Work to complete: Copy down the listing below exactly, please, including every line.
++++++++++
(* For every $n\ge 1$, the number $b_n$ of distinct complete lines of play of Planted Brussels Sprouts whose initial state has $n$ arms is $b_n=n^{n-2}$.
   Context: Planted Brussels Sprouts of order $n$: start with a closed disk with $n$ marked points on its boundary circle, labeled $1,\dots,n$ in clockwise order. Attached to each marked point is an arm, a short segment pointing into the interior of the disk; these arms are free. A move consists of two steps. First, choose two free arms and join their free ends by a simple curve (an arc) in the disk that does not intersect any previously drawn arc or arm; the two joined arms cease to be free. Second, mark a point (a notch) on the arc, from which two new free arms emanate, one on each side of the arc. The game ends when no move is possible. A (complete) line of play is the sequence of moves from the initial state to the end of the game. Long labels: the original arm at point $i$ has long label $i$. If an arc joins arms with long labels $\alpha$ and $\beta$, the two new arms receive long labels $(\alpha,\beta)$ and $(\beta,\alpha)$, placed so that, going clockwise around the notch, one sees the old arm $\alpha$, the new arm $(\alpha,\beta)$, the old arm $\beta$, and the new arm $(\beta,\alpha)$. Two lines of play are considered the same iff for every $k$ the two arms joined at the $k$-th move have the same long labels in both. Otherwise they are distinct. *)

From HB Require Import structures.
From mathcomp Require Import all_boot.
From mathcomp Require Import finmap.

Set Implicit Arguments.
Unset Strict Implicit.
Unset Printing Implicit Defensive.

(* Long labels: [Arm i] is the original arm at marked point i; joining arms
   with long labels a and b creates arms [New a b] = (a,b) and [New b a] = (b,a). *)
Inductive label : Type :=
  | Arm of nat
  | New of label & label.

Fixpoint label_enc (l : label) : GenTree.tree nat :=
  match l with
  | Arm i => GenTree.Leaf i
  | New a b => GenTree.Node 0 [:: label_enc a; label_enc b]
  end.

Fixpoint label_dec (t : GenTree.tree nat) : option label :=
  match t with
  | GenTree.Leaf i => Some (Arm i)
  | GenTree.Node _ [:: ta; tb] =>
      match label_dec ta, label_dec tb with
      | Some a, Some b => Some (New a b)
      | _, _ => None
      end
  | GenTree.Node _ _ => None
  end.

Lemma label_encK : pcancel label_enc label_dec.
Proof. by elim=> [i|a IHa b IHb] //=; rewrite IHa IHb. Qed.

HB.instance Definition _ := Countable.copy label (pcan_type label_encK).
++++++++++
Response:
(* For every $n\ge 1$, the number $b_n$ of distinct complete lines of play of Planted Brussels Sprouts whose initial state has $n$ arms is $b_n=n^{n-2}$.
   Context: Planted Brussels Sprouts of order $n$: start with a closed disk with $n$ marked points on its boundary circle, labeled $1,\dots,n$ in clockwise order. Attached to each marked point is an arm, a short segment pointing into the interior of the disk; these arms are free. A move consists of two steps. First, choose two free arms and join their free ends by a simple curve (an arc) in the disk that does not intersect any previously drawn arc or arm; the two joined arms cease to be free. Second, mark a point (a notch) on the arc, from which two new free arms emanate, one on each side of the arc. The game ends when no move is possible. A (complete) line of play is the sequence of moves from the initial state to the end of the game. Long labels: the original arm at point $i$ has long label $i$. If an arc joins arms with long labels $\alpha$ and $\beta$, the two new arms receive long labels $(\alpha,\beta)$ and $(\beta,\alpha)$, placed so that, going clockwise around the notch, one sees the old arm $\alpha$, the new arm $(\alpha,\beta)$, the old arm $\beta$, and the new arm $(\beta,\alpha)$. Two lines of play are considered the same iff for every $k$ the two arms joined at the $k$-th move have the same long labels in both. Otherwise they are distinct. *)

From HB Require Import structures.
From mathcomp Require Import all_boot.
From mathcomp Require Import finmap.

Set Implicit Arguments.
Unset Strict Implicit.
Unset Printing Implicit Defensive.

(* Long labels: [Arm i] is the original arm at marked point i; joining arms
   with long labels a and b creates arms [New a b] = (a,b) and [New b a] = (b,a). *)
Inductive label : Type :=
  | Arm of nat
  | New of label & label.

Fixpoint label_enc (l : label) : GenTree.tree nat :=
  match l with
  | Arm i => GenTree.Leaf i
  | New a b => GenTree.Node 0 [:: label_enc a; label_enc b]
  end.

Fixpoint label_dec (t : GenTree.tree nat) : option label :=
  match t with
  | GenTree.Leaf i => Some (Arm i)
  | GenTree.Node _ [:: ta; tb] =>
      match label_dec ta, label_dec tb with
      | Some a, Some b => Some (New a b)
      | _, _ => None
      end
  | GenTree.Node _ _ => None
  end.

Lemma label_encK : pcancel label_enc label_dec.
Proof. by elim=> [i|a IHa b IHb] //=; rewrite IHa IHb. Qed.

HB.instance Definition _ := Countable.copy label (pcan_type label_encK).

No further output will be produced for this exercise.